N is a number which is divisible by 19. if (n+1) (n+8) is divided by 19, the remainder will be? Find answers now! No. 1 Questions & Answers ... What is 250000000 ...

### What is 250000000 divided by 4 - answers.com

What is 250000000 divided by 4? SAVE CANCEL. already exists.

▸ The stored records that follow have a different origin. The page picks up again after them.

(* For odd [n] the signs of the outer terms of [hdiff] are trivial. *)
Lemma hdiffE n f : is_cochain n f -> odd n ->
  hdiff f = cup f id_cochain + cup id_cochain f - brace f mul_cochain.
Proof.
move=> fn n_odd; apply/funext => -[|e t]; rewrite !addrfctE opprfctE /= (brace_mulr _ fn) !cupE.
  by rewrite !sum_splits_nil /= big_ord0 !mulr0 mul0r !addr0 subr0.
rewrite sum_splits_rsize1 => [|x y /id_cochain_size /= ->]; last by rewrite mulr0.
rewrite sum_splits_lsize1 => [|x y /id_cochain_size /= ->]; last by rewrite mul0r.
have -> : (-1) ^+ (size t).+1 * f (belast e t) * last e t = f (belast e t) * last e t.
  have [tn|tn] := eqVneq (size t) n; first by rewrite -signr_odd /= tn n_odd mul1r.
  by rewrite (cochain_supp fn (n := n)) ?size_belast // mulr0 mul0r.
have -> : \sum_(i < size t) (-1) ^+ i.+1 * f (mergeat i (e :: t)) =
          - \sum_(i < size t) (-1) ^+ i * f (mergeat i (e :: t)).
  by rewrite -sumrN; apply: eq_bigr => i _; rewrite exprS mulN1r mulNr.
by rewrite [LHS]addrAC [e * f t + _]addrC.
Qed.

Lemma hdiff_bracket_mul n f : is_cochain n f -> odd n ->
  hdiff f = brace mul_cochain f - brace f mul_cochain.
Proof. by move=> fn n_odd; rewrite (hdiffE fn n_odd) (brace_mull fn n_odd). Qed.

Lemma brace_cupl nb nc f g h : is_cochain nb g -> is_cochain nc h -> odd nc ->
  brace (cup f g) h = cup f (brace g h) + cup (brace f h) g.
Proof.
move=> gnb hnc nc_odd; apply/funext => s; rewrite addrfctE /= brace_sum_splits.
under eq_sum_splits => x r do under eq_sum_splits => y z do
  rewrite cupE sum_splits_cat_cons mulrDr.
under eq_sum_splits => x r do rewrite sum_splitsD.
rewrite sum_splitsD; congr (_ + _).
- transitivity (sum_splits s (fun x r => sum_splits x (fun u u' => sum_splits r (fun y z =>
     f u * (insert_sign (size u') (size y) * g (u' ++ h y :: z)))))).
    apply: eq_sum_splits => x r; rewrite exchange_sum_splits; apply: eq_sum_splits => y z.
    rewrite -sum_splitsMl; apply: eq_sum_splits => u u'.
    have [yn|yn] := eqVneq (size y) nc; first by rewrite !insert_sign_odd ?yn // !mul1r.
    by rewrite (cochain_supp hnc yn) (cochain0 _ _ gnb) !mulr0.
  rewrite -(sum_splits_assoc s (fun u u' r => sum_splits r (fun y z =>
     f u * (insert_sign (size u') (size y) * g (u' ++ h y :: z))))).
  rewrite cupE; apply: eq_sum_splits => u w; rewrite brace_sum_splits -sum_splitsMl.
  by apply: eq_sum_splits => u' r; rewrite -sum_splitsMl.
- pose G x y z1 z2 := insert_sign (size x) (size y) * f (x ++ h y :: z1) * g z2.
  transitivity (sum_splits s (fun x r => sum_splits r (fun y z => sum_splits z (G x y)))).
    do 2!apply: eq_sum_splits => ? ?; rewrite -sum_splitsMl.
    by apply: eq_sum_splits => ? ?; rewrite mulrA.
  transitivity (sum_splits s (fun x t =>
      sum_splits t (fun r z2 => sum_splits r (fun y z1 => G x y z1 z2)))).
    by apply: eq_sum_splits => x t; apply: (sum_splits_assoc t (G x)).
  rewrite (sum_splits_assoc s (fun x r z2 => sum_splits r (fun y z1 => G x y z1 z2))).
  rewrite cupE; apply: eq_sum_splits => q z2.
  rewrite brace_sum_splits -sum_splitsMr; apply: eq_sum_splits => x r.
  by rewrite -sum_splitsMr.
Qed.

Would you like to merge this question into it? MERGE CANCEL. already exists as an ...

### What is 0.4 divided by 6? - weknowtheanswer.com

What is 250000000 divided by 4? ... Are all even numbers divisible by 10? What is the sum of the first 100 natural number? How many days in week-?

### Math Forum - Ask Dr. Math

You need to figure out how many times your number is divisible by 10. Any number divisible by 10 ends in a zero ... we get 250,000,000 which does end in seven zeros ...

### What is 14.7 percent of 250000000 - step by step solution

Simple and best practice solution for 14.7% of 250000000. Check how easy it is, and learn it for the future. ... What is 14.7 percent of 250000000 ...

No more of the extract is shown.